LinGO Working Papers
Leonoor van der Beek and Timothy Baldwin. 2003. Crosslingual Countability Classification: English meets Dutch . LinGO Working Paper No. 2003-03.
This paper presents a range of methods for classifying Dutch nouns as countable, uncountable or plural only based on both Dutch and English data. The classification is based on the occurrence of countability specific linguistic features that are extracted from unannotated corpora. We show that in the absence of reliable Dutch gold standard data, cross-linguistic classification can be achieved on the basis of a word-to-word or feature-to-feature mapping between English and Dutch.
Villavicencio, Aline and Ann Copestake. 2002. Phrasal Verbs and the LinGO-ERG . LinGO Working Paper No. 2002-01.
A description of phrasal verbs as implemented in the existing LinGO ERG
Villavicencio, Aline and Ann Copestake. 2002. On the Nature of Idioms . LinGO Working Paper No. 2002-04.
A thorough syntactic and semantic account of a sample of 100 English idioms
Bannard, Colin. 2002. Statistical Techniques for Automatically Inferring the Semantics of Verb-Particle Constructions . LinGO Working Paper No. 2002-06.

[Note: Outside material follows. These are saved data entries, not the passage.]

Lemma rho_star_ge E I : strongly_independent E I -> I \subset hvertices E ->
  #|I|%:R <= rho_star R E.
Proof.
move=> indI IV; apply: lb_le_inf => [|_ [w [w0 wcov] <-]].
  exists (\sum_(e in E) 1), (fun=> 1) => //; split=> // v /bigcupP[e eE ve].
  exact: ler_sum_term eE ve.
have I_le : #|I|%:R <= \sum_(v in I) \sum_(e in E | v \in e) w e.
  by rewrite -sum1_card natr_sum; apply: ler_sum => v vI; apply/wcov/(subsetP IV).
apply: le_trans I_le _; rewrite exchange_incidence; apply: ler_sum => e eE.
rewrite (eq_bigl [in I :&: e]) => [|v]; last by rewrite inE.
by rewrite sumr_const -[leRHS]mulr1n ler_wpMn2l ?w0 ?indI.
Qed.

Lemma rho_star_le_cover E C : C \subset E -> hvertices E \subset cover C ->
  rho_star R E <= #|C|%:R.
Proof.
move=> CE VC; apply: ge_inf.
  by exists 0 => _ [w [w0 _] <-]; apply: sumr_ge0.
exists (fun e => (e \in C)%:R).
  split=> [e _|v /(subsetP VC)/bigcupP[c cC vc]]; first by case: (e \in C).
  apply: le_trans (_ : (c \in C)%:R <= _); first by rewrite cC.
  by apply: ler_sum_term (subsetP CE c cC) vc => e; case: (e \in C).
rewrite (big_setID C) /= (setIidPr CE) [X in _ + X]big1 ?addr0.
  by rewrite -sum1_card natr_sum; apply: eq_bigr => e ->.
by move=> e /setDP[_ /negbTE->].
Qed.

Lemma tau_star_le_transversal G X :
  {in G, forall g : {set T}, exists2 x, x \in X & x \in g} -> tau_star R G <= #|X|%:R.
Proof.
move=> hitG; apply: ge_sup => [|_ [w [w0 wpack] <-]].
  by exists 0, (fun=> 0); [split=> // v _; rewrite big1 | rewrite big1].
have le_X : \sum_(g in G) w g <= \sum_(g in G) \sum_(x in X | x \in g) w g.
  apply: ler_sum => g gG; have [x xX xg] := hitG g gG.
  by apply: (ler_sum_term (F := fun=> w g)) xX xg => x' _ _; apply: w0.
apply: le_trans le_X _; rewrite -exchange_incidence -sum1_card natr_sum.
apply: ler_sum => x _; have [xV|xV] := boolP (x \in hvertices G); first exact: wpack.
rewrite big_pred0 // => g; apply: contraNF xV => /andP[gG xg].
by apply/bigcupP; exists g.
Qed.
Lemma cvg_mkGen {T : Type} (F : set_system T) {FF : Filter F}
    (rateF : T -> S -> bool -> 'I_M -> R) y z :
  (forall y s l, rateF x y s l @[x --> F] --> rate y s l) ->
  mkGen lab (rateF x) y z @[x --> F] --> mkGen lab rate y z.
Proof.
move=> rate_cvg.
have offdiag_cvg y' z' : offdiag lab (rateF x) y' z' @[x --> F] --> offdiag lab rate y' z'.
  apply: cvgr_sum => l _; apply: cvgr_sum => s _.
  by case: ifP => _; [exact: rate_cvg | exact: cvg_cst].
rewrite /mkGen; case: eqP => _; last exact: offdiag_cvg.
by apply: cvgN; apply: cvgr_sum => w _; exact: offdiag_cvg.
Qed.

Hypothesis rate_ge0 : forall y s l, 0 <= rate y s l.

Lemma offdiag_ge0 y z : 0 <= offdiag lab rate y z.
Proof. by apply: sumr_ge0 => l _; apply: sumr_ge0 => s _; case: ifP. Qed.

Lemma mkGen_ge0 y z : y != z -> 0 <= mkGen lab rate y z.
Proof. by move=> /negbTE yz; rewrite /mkGen yz offdiag_ge0. Qed.

Lemma posrel_mkGen_edge : subrel (posrel (mkGen lab rate)) edgerel.
Proof.
move=> y z; rewrite /posrel /mkGen; case: eqP => _.
  by rewrite oppr_gt0 ltNge sumr_ge0 // => w _; exact: offdiag_ge0.
apply: contraLR => /existsPn no_edge; rewrite -leNgt le_eqVlt; apply/orP; left.
apply/eqP/big1 => l _; apply: big1 => s _.
by move: (no_edge l) => /existsPn /(_ s) /negbTE ->.
Qed.

Hypothesis edgerel_irrefl : irreflexive edgerel.

Lemma omega_mkGen_eq0 (c : seq S) : uniq c -> cycle edgerel c ->
  ~~ cycle (posrel (mkGen lab rate)) c -> omega (mkGen lab rate) c = 0.
Proof.
move=> uc c_edge; apply: contraNeq => omega_neq0.
move: omega_neq0; rewrite /omega !mulf_eq0 !negb_or.
move=> /andP [/andP [/andP [_ rates_neq0] _] _].
apply: (cycle_from_next uc) => y yc.
have y_neq_next : y != next c y.
  by apply: contraTneq (next_cycle c_edge yc) => <-; rewrite edgerel_irrefl.
rewrite /posrel /= lt0r mkGen_ge0 // andbT.
by move: rates_neq0; rewrite prodf_seq_neq0 => /allP /(_ y yc).
Qed.

Lemma omega_tilde_mkGenE (ct : 'I_M -> int) :
  omega_tilde (mkGen lab rate) lab ct =
  \sum_(n < #|S|.+1) \sum_(t : n.-tuple S |
      [&& is_dcycle edgerel t, canon_rot t & [forall l, phi lab t l == ct l]])
    omega (mkGen lab rate) t.
Proof.
apply: eq_bigr => n _; rewrite big_mkcond [RHS]big_mkcond; apply: eq_bigr => t _.
rewrite /is_dcycle; case: (boolP (uniq t)) => [ut|]; last by rewrite !andbF.
have [pos_cycle|not_pos_cycle] := boolP (cycle (posrel (mkGen lab rate)) t).
  by rewrite (sub_cycle posrel_mkGen_edge pos_cycle).
have [edge_cycle|] := boolP (cycle edgerel t); last by rewrite !andbF.
by rewrite omega_mkGen_eq0 // !if_same.
Qed.

End generators.

Lemma cvg_omega_div {R : realType} {S : finType}
    (Q : R -> S -> S -> R) (Q0 : S -> S -> R) (c : seq S) :
  (forall y z, (fun V => V^-1 * Q V y z) @ +oo --> Q0 y z) ->
  \sum_(j : S) minorQ Q0 (~: [set j]) != 0 -> uniq c -> c != [::] ->
  (fun V => omega (Q V) c / V) @ +oo --> omega Q0 c.
Proof.
move=> Q_cvg D_neq0 uc cn0.
apply: (@cvg_near_eq _ _ _ _ _ (fun V => omega (fun y z => V^-1 * Q V y z) c));
  last exact: cvg_omega.
near=> V.
have V_neq0 : V != 0 by apply: lt0r_neq0; near: V; exact: nbhs_pinfty_gt.
by rewrite omega_scale ?invr_neq0 // mulrC.
Unshelve. all: by end_near.
Qed.

Theorem mainTheorem3 (R : realType) (N1 N2 M : nat)
  (XiX : bool -> 'I_M -> 'I_N1 -> nat) (XiY : bool -> 'I_M -> 'I_N2 -> nat)
  (k : bool -> 'I_M -> R) (NA : R)
  (S : finType)
  (nV : R -> S -> 'I_N2 -> nat) (nxV : R -> 'I_N1 -> nat)
  (edge : S -> S -> 'I_M -> bool -> bool)
  (alpha : 'I_N1 -> R) (beta : S -> 'I_N2 -> R) :
  (* standing assumptions of the model *)
  (forall l i, (val l != 0%N) -> XiX true l i = 0%N) ->
  (forall l i, (val l != M.-1) -> XiX false l i = 0%N) ->
  (forall s l, exists j, sstoich XiY s l j != 0) ->
  (forall s l s' l', (s, l) != (s', l') -> exists j, sstoich XiY s l j != sstoich XiY s' l' j) ->
  (forall s l, 0 < k s l) -> 0 < NA ->
  (* n^V injective *)
  (forall V, 0 < V -> forall y y', (forall j, nV V y j = nV V y' j) -> y = y') ->
  (* (a): the labelled edge set does not depend on V *)
  (forall V, 0 < V -> forall y y' l s, labV XiY (nV V) y y' l s = edge y y' l s) ->
  (* (b): thermodynamic limits *)
  (forall y j, 0 <= beta y j) -> (forall i, 0 <= alpha i) ->
  (forall y j, (fun V : R => (nV V y j)%:R / (V * NA)) @ +oo --> beta y j) ->
  (forall i, (fun V : R => (nxV V i)%:R / (V * NA)) @ +oo --> alpha i) ->
  (* (c): irreducibility of Q^V *)
  (forall V, 0 < V -> irreducible_gen
     (mkGen (labV XiY (nV V))
        (fun y s l => propensity k NA XiX XiY V (nxV V) (nV V y) s l))) ->
  (* nondegeneracy of the limiting generator *)
  \sum_(j : S) minorQ
     (mkGen edge (fun y s l => arate k NA XiX XiY alpha (beta y) s l)) (~: [set j]) != 0 ->
  let QV := fun V : R => mkGen (labV XiY (nV V))
        (fun y s l => propensity k NA XiX XiY V (nxV V) (nV V y) s l) in
  let Qhat := mkGen edge (fun y s l => arate k NA XiX XiY alpha (beta y) s l) in
  (forall ct : 'I_M -> int,
     (fun V : R => omega_tilde (QV V) (labV XiY (nV V)) ct / V) @ +oo -->
       omega_tilde Qhat edge ct)
  /\
  (forall c : seq S,
     is_dcycle (fun a b => [exists l, exists s, edge a b l s]) c ->
     (fun V : R => omega (QV V) c / V) @ +oo --> omega Qhat c).
Proof.
move=> _ _ Xi_neq0 _ k_gt0 NA_gt0 _ labE beta_ge0 alpha_ge0 beta_cvg alpha_cvg _ D_neq0 QV Qhat.
pose rateV V y s l := propensity k NA XiX XiY V (nxV V) (nV V y) s l.
have labVE V : 0 < V -> labV XiY (nV V) = edge.
  by move=> V_gt0; do 4!apply: funext => ?; exact: labE.
have edge_irrefl : irreflexive (edgerel edge).
  move=> y; apply/existsPn => l; apply/existsPn => s.
  by rewrite -(labE 1) ?ltr01 // labV_irrefl.
have Q_cvg y z : (fun V => V^-1 * QV V y z) @ +oo --> Qhat y z.
  apply: (@cvg_near_eq _ _ _ _ _
    (fun V => mkGen edge (fun y s l => V^-1 * rateV V y s l) y z)).
    by near=> V; rewrite /QV labVE ?scale_mkGen //; near: V; exact: nbhs_pinfty_gt.
  by apply: cvg_mkGen => y' s l; exact: cvg_propensity_div.
split=> [ct|c /and3P [c_size uc _]]; last first.
  by apply: cvg_omega_div => //; case: c c_size {uc}.
rewrite /Qhat omega_tilde_mkGenE //; last by move=> *; exact: arate_ge0.
apply: cvg_near_eq; last first.
  apply: cvgr_sum => n _; apply: cvgr_sum => t /and3P [/and3P [t_size ut _] _ _].
  by apply: cvg_omega_div => //; case: (tval t) t_size {ut}.
near=> V.
have V_gt0 : 0 < V by near: V; exact: nbhs_pinfty_gt.
rewrite /QV labVE // omega_tilde_mkGenE //; last by move=> *; exact: propensity_ge0.
by rewrite big_distrl; apply: eq_bigr => n _; rewrite big_distrl.
Unshelve. all: by end_near.
Qed.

This paper describes an investigation of some potential features for a statistical approach to inferring the semantics of verb-particle constructions from corpus data. Verb-particles cause particular problems for the computational semantic analysis of language, because their meaning often cannot be derived through the usual compo-sitional methods of analysis. Two novel techniques are presented which promise to provide information about the nature and extent of composition. The first of these measures the extent to which the verb or particle of any given verb-particle may be replaced with a verb or particle of a similar semantic class to form other verb-particles that are attested in the data. The intuition here is that if it reflects systematic patterns in this way then it is more likely that the verb or particle concerned have their simplex meaning. The second technique measures the degree of semantic relatedness between the verb-particle and its component verb. The intuition here is that if a verb-particle is semantically similar to the verb then it is more likely that the verb contributes its simplex meaning. These two features are then combined and used as training data for a classifier using appropriately annotated data.
Beavers, John. 2002. Aspect and the Distribution of Prepositional Resultative Phrases in English. LinGO Working Paper No. 2002-07.
This paper examines the distribution of to and into prepositional resultative XPs in terms of three criteria: the lexical semantics of the verb, selectional restrictions imposed by the preposition, and the aspect of the event. Speficially pertaining to aspect, it appears that into resultatives preserve the durativity or punctuality of their verbs, whereas to resultatives have durative readings. When to XPs modify punctual predicates, they force iterative readings (Smith shot Jones to death in ten seconds). With achievements, modification by to XPs is ungrammatical since achievements cannot have iterative readings (*She stunned him to silence). Into XPs preserve punctuality and may occur with achievements (She stunned him into silence). I propose that while into XPs only entail crossing a threshold to the inside of the goal/result, to XPs entail movement/change up to and including the goal, thus entailing a non-trivial path. This requires a nontrivial span of time to traverse, explaining the durative reading of to resultatives. Into resulatatives have no such entailment, thus explaining the compatible with punctual readings.
Beavers, John. 2002. Documentation: A CCG Implementation for the LKB. LinGO Working Paper No. 2002-08.
This document outlines the Typed-inheritance Combinatory Categorial Grammar (TCCG), an implementation of a CCG grammar in the LKB for a fragment of English based on Sag and Wasow (1999). TCCG implements a CCG grammar based on work by Steedman (1996, 2000) but incorporating a typed-inheritence hierarchy that allows for massive additional generalizations, particularly in terms of the structure of the lexicon and the relationships between different combinators. Additionally, TCCG employs a form of MRS semantics rather than a lambda-calculus based semantics, allowing for efficient semantic composition as well as generation capabilities with the LKB. Further efficiency issues are addressed by employing the feature-structure based normal form parsing algorithm described in Eisner (1996), significantly reducing the so-called spurious ambiguity problem of CCG while retaining its combinatory advantages.
An outline of the research proposal submitted to the NSF and NTT to gain funding for the Multiword Expression Project
Multiword expressions are a key problem for the development of large-scale, linguistically sound natural language processing technology. This paper surveys the problem and some currently available analytic techniques. The various kinds of multiword expressions should be analyzed in distinct ways, including listing words with spaces, hierarchically organized lexicons, restricted combinatoric rules, lexical selection, idiomatic constructions and simple statistical affinity. An adequate comprehensive analysis of multiword expressions must employ both symbolic and statistical techniques.